◆ PROBLEM:
In the entries below, find every line with "Definition" and copy it.

[DATA Boundary: Start]

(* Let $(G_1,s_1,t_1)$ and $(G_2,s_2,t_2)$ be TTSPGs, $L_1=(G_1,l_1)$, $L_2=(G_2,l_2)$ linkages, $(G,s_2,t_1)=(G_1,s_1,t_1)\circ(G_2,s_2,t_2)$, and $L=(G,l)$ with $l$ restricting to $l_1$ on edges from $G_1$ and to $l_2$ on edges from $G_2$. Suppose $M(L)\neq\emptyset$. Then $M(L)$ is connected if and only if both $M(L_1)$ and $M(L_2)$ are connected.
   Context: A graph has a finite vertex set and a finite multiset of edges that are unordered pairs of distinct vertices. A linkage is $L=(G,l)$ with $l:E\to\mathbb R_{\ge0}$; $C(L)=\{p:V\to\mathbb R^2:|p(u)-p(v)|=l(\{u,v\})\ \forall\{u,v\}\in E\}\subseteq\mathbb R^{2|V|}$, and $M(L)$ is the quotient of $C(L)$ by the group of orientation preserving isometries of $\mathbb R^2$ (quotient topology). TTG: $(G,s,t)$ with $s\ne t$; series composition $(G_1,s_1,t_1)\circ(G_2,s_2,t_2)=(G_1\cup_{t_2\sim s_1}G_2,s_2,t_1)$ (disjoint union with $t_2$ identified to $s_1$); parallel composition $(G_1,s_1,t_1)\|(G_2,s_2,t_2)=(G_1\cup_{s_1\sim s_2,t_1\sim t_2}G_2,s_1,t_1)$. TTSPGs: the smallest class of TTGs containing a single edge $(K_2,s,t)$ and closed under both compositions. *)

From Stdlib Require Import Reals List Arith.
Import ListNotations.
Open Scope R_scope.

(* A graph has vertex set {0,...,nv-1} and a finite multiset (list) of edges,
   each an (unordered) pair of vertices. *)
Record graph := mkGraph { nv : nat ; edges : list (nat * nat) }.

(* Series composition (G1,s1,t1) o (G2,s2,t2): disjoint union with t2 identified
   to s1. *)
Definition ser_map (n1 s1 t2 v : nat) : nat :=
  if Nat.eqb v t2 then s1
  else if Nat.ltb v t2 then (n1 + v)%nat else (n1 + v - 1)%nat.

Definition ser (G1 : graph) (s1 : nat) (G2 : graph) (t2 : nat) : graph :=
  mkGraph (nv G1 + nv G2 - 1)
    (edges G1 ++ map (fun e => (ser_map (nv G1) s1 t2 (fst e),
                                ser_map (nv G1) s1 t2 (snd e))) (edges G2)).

[DATA Boundary: End]

◆ RESULT OF THIS TASK:
Definition ser_map (n1 s1 t2 v : nat) : nat :=
Definition ser (G1 : graph) (s1 : nat) (G2 : graph) (t2 : nat) : graph :=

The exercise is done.